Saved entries
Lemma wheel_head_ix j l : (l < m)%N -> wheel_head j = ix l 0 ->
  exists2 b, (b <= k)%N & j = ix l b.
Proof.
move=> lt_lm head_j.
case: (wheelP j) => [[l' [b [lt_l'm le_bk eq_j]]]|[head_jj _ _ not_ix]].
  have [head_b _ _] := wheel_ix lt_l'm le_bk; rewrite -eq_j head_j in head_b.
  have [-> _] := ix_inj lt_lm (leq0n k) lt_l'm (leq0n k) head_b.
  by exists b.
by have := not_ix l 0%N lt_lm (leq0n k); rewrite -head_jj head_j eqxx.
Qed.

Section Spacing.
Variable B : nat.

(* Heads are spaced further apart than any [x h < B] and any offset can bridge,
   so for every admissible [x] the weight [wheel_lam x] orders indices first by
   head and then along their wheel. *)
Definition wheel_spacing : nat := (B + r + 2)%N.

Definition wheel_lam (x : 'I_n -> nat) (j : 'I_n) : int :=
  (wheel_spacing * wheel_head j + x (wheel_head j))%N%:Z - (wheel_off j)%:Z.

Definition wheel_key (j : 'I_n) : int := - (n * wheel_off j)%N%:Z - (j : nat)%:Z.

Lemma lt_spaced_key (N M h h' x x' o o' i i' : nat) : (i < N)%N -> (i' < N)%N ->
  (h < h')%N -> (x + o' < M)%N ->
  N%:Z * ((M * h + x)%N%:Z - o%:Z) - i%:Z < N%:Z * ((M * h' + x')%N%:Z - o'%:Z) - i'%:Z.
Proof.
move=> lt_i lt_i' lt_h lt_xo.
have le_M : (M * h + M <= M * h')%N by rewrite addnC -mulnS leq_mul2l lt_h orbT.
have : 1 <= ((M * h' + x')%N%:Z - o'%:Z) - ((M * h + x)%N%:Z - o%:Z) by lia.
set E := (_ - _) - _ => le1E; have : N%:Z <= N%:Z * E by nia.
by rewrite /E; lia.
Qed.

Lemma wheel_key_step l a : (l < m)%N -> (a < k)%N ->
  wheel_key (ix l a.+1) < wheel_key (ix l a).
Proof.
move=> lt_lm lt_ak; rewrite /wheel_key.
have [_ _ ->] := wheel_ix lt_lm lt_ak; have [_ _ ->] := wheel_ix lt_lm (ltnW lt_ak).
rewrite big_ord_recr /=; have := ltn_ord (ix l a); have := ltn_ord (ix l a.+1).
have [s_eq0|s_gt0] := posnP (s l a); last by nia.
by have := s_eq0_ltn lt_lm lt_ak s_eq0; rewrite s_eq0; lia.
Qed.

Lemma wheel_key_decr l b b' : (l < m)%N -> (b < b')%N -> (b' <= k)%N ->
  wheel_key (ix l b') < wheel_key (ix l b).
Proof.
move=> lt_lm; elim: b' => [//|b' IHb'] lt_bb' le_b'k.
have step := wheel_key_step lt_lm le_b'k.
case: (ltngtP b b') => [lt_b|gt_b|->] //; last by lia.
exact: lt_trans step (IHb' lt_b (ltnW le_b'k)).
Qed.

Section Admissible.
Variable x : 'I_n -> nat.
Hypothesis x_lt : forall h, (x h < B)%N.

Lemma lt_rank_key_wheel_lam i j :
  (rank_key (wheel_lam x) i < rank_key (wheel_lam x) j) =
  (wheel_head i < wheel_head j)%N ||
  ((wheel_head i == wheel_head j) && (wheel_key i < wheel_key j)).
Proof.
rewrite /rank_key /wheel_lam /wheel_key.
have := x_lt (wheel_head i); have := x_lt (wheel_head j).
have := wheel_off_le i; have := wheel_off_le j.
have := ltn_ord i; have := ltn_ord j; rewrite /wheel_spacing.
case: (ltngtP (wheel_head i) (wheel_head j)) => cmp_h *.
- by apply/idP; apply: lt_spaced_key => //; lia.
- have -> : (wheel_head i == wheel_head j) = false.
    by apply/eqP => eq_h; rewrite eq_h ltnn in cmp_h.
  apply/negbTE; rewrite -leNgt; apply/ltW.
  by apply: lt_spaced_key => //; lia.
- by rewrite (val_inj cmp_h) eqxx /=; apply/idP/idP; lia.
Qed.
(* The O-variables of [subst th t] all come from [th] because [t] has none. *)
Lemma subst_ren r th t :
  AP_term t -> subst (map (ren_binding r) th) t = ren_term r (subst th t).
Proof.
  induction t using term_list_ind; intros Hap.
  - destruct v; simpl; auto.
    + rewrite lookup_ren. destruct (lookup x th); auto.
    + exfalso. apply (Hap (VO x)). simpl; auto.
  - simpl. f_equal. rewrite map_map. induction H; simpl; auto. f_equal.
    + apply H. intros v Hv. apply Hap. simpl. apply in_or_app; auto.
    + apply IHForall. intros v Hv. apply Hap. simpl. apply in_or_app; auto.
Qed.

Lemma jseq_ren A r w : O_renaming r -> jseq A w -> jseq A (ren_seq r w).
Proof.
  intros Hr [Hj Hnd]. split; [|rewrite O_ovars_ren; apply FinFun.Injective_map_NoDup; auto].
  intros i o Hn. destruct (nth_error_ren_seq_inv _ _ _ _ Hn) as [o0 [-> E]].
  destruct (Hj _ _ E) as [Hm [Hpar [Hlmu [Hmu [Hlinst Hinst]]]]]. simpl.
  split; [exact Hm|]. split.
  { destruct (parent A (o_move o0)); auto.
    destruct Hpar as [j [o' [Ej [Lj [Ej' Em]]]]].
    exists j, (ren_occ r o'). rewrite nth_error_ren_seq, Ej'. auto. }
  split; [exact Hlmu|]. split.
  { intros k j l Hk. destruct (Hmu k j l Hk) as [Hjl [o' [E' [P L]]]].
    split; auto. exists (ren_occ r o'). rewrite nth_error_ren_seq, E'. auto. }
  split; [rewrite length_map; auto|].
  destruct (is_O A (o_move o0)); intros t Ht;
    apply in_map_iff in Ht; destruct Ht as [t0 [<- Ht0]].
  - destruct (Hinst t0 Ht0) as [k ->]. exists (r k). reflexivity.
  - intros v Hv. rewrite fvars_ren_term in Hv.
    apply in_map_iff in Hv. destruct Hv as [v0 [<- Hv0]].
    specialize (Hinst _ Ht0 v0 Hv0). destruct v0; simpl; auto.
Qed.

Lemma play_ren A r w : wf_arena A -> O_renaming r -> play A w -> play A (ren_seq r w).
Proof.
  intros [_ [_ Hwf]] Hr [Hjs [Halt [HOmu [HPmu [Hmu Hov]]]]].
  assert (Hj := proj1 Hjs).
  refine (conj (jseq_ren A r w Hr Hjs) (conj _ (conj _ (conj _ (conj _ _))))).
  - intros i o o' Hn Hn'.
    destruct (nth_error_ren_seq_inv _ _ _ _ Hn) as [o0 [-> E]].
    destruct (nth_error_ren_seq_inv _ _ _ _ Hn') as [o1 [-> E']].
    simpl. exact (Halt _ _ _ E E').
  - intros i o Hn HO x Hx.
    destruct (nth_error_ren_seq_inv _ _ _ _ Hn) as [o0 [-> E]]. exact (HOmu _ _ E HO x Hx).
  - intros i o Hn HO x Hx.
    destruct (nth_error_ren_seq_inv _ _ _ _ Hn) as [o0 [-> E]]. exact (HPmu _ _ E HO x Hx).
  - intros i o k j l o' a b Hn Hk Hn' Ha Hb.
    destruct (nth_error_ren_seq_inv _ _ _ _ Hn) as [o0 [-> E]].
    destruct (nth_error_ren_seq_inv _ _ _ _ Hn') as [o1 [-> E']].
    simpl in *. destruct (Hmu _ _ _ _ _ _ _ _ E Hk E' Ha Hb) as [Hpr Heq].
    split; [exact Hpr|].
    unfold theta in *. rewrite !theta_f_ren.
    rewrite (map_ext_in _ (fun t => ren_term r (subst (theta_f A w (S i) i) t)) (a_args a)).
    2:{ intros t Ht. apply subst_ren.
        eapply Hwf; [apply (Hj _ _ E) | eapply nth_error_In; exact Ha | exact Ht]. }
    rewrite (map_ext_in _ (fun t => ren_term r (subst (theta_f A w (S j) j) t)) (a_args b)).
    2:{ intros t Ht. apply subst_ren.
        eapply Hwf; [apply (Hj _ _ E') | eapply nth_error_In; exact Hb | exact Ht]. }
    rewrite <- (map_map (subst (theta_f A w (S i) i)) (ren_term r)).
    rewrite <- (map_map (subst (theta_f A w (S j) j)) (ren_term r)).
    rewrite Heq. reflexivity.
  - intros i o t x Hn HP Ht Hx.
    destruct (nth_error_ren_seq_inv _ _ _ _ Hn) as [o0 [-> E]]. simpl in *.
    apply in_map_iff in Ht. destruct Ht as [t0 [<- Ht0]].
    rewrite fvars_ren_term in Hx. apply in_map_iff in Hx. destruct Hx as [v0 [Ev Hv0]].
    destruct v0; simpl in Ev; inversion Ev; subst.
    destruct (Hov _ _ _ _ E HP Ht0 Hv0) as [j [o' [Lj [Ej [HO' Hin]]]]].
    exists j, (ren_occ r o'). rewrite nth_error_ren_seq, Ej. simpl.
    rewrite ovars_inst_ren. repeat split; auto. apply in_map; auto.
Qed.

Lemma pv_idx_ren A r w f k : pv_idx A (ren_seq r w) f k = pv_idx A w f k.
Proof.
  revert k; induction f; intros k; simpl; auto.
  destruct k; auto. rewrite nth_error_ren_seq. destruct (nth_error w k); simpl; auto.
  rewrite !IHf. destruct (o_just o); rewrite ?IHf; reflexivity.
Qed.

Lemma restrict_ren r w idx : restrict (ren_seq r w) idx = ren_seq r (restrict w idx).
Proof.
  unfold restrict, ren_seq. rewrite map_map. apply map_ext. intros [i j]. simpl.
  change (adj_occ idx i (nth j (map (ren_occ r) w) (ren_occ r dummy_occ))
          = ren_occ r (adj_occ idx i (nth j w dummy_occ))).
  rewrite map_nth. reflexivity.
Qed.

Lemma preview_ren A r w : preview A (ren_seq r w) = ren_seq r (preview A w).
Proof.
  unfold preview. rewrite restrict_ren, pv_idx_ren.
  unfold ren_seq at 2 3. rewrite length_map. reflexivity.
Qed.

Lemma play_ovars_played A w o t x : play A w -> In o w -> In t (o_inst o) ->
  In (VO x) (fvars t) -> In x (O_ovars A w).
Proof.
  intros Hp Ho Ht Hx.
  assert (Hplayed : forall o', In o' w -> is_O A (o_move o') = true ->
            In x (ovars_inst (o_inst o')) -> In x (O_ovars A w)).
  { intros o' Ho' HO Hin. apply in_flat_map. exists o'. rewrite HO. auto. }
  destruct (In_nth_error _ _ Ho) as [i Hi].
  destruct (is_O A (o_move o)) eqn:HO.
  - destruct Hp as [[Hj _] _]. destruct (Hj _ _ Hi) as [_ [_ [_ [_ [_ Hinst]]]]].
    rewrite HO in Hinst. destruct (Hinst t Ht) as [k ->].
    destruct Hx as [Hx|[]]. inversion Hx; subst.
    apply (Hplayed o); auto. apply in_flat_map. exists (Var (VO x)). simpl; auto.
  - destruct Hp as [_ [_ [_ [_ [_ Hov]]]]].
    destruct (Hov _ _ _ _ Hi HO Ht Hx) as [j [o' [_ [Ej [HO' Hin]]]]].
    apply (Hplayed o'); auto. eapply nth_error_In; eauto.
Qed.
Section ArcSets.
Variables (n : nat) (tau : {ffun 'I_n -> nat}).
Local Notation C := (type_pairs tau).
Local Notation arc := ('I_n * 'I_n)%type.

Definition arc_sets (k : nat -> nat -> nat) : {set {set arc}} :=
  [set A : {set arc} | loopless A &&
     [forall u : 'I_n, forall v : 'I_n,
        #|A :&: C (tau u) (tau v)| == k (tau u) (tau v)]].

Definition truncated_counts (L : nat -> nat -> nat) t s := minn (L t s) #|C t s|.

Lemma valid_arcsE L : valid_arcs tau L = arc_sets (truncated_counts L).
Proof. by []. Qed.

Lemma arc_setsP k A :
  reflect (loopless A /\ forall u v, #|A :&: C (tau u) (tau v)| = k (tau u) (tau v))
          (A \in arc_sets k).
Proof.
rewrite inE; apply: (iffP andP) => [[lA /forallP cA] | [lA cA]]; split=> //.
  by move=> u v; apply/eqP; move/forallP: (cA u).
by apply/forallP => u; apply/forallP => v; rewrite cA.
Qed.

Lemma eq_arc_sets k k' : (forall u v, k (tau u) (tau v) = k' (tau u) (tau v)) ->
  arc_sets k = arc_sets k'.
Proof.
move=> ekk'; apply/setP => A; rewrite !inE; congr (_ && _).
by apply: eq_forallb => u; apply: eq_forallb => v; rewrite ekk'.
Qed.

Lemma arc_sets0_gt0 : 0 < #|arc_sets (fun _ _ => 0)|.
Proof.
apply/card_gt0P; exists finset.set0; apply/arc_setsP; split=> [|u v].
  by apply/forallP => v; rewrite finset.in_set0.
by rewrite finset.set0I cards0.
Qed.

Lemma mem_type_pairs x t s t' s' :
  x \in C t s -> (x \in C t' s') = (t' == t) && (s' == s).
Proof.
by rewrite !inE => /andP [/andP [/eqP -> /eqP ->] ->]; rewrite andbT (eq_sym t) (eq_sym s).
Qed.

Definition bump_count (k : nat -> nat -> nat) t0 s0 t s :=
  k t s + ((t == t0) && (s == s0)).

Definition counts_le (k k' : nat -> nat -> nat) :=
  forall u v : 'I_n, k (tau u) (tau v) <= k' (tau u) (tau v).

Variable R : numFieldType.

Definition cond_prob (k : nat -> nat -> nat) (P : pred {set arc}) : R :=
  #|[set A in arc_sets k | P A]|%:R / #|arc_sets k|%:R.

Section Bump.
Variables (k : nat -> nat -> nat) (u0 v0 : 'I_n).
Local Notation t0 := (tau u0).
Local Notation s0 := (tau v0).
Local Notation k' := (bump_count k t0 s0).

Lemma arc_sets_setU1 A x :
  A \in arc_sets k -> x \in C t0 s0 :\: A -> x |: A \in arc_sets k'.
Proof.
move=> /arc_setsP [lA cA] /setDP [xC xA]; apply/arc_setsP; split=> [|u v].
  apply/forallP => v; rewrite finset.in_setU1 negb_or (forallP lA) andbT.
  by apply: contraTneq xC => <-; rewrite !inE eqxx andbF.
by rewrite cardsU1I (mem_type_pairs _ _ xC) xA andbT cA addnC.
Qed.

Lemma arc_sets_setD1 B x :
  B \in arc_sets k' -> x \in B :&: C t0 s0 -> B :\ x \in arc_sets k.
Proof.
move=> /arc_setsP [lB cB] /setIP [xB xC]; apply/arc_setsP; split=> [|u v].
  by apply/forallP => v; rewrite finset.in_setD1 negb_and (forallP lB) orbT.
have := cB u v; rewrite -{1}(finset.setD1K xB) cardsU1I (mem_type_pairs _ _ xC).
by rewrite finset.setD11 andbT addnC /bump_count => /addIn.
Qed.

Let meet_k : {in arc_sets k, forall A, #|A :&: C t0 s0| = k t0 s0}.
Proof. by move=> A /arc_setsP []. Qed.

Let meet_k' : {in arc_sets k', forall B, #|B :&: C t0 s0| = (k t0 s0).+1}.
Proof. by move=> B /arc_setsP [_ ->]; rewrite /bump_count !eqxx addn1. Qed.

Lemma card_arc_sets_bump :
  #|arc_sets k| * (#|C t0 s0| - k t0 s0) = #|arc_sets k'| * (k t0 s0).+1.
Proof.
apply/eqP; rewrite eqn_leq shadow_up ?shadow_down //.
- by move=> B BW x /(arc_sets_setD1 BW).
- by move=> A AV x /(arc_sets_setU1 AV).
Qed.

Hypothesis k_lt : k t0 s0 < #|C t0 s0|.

Brief
Starting with the first line of the records, repeat every line up to and including the one containing "have [_ _ ->] := wheel_ix lt_lm lt_ak;", and nothing else.

Result of this task
Lemma wheel_head_ix j l : (l < m)%N -> wheel_head j = ix l 0 ->
  exists2 b, (b <= k)%N & j = ix l b.
Proof.
move=> lt_lm head_j.
case: (wheelP j) => [[l' [b [lt_l'm le_bk eq_j]]]|[head_jj _ _ not_ix]].
  have [head_b _ _] := wheel_ix lt_l'm le_bk; rewrite -eq_j head_j in head_b.
  have [-> _] := ix_inj lt_lm (leq0n k) lt_l'm (leq0n k) head_b.
  by exists b.
by have := not_ix l 0%N lt_lm (leq0n k); rewrite -head_jj head_j eqxx.
Qed.

Section Spacing.
Variable B : nat.

(* Heads are spaced further apart than any [x h < B] and any offset can bridge,
   so for every admissible [x] the weight [wheel_lam x] orders indices first by
   head and then along their wheel. *)
Definition wheel_spacing : nat := (B + r + 2)%N.

Definition wheel_lam (x : 'I_n -> nat) (j : 'I_n) : int :=
  (wheel_spacing * wheel_head j + x (wheel_head j))%N%:Z - (wheel_off j)%:Z.

Definition wheel_key (j : 'I_n) : int := - (n * wheel_off j)%N%:Z - (j : nat)%:Z.

Lemma lt_spaced_key (N M h h' x x' o o' i i' : nat) : (i < N)%N -> (i' < N)%N ->
  (h < h')%N -> (x + o' < M)%N ->
  N%:Z * ((M * h + x)%N%:Z - o%:Z) - i%:Z < N%:Z * ((M * h' + x')%N%:Z - o'%:Z) - i'%:Z.
Proof.
move=> lt_i lt_i' lt_h lt_xo.
have le_M : (M * h + M <= M * h')%N by rewrite addnC -mulnS leq_mul2l lt_h orbT.
have : 1 <= ((M * h' + x')%N%:Z - o'%:Z) - ((M * h + x)%N%:Z - o%:Z) by lia.
set E := (_ - _) - _ => le1E; have : N%:Z <= N%:Z * E by nia.
by rewrite /E; lia.
Qed.

Lemma wheel_key_step l a : (l < m)%N -> (a < k)%N ->
  wheel_key (ix l a.+1) < wheel_key (ix l a).
Proof.
move=> lt_lm lt_ak; rewrite /wheel_key.
have [_ _ ->] := wheel_ix lt_lm lt_ak; have [_ _ ->] := wheel_ix lt_lm (ltnW lt_ak).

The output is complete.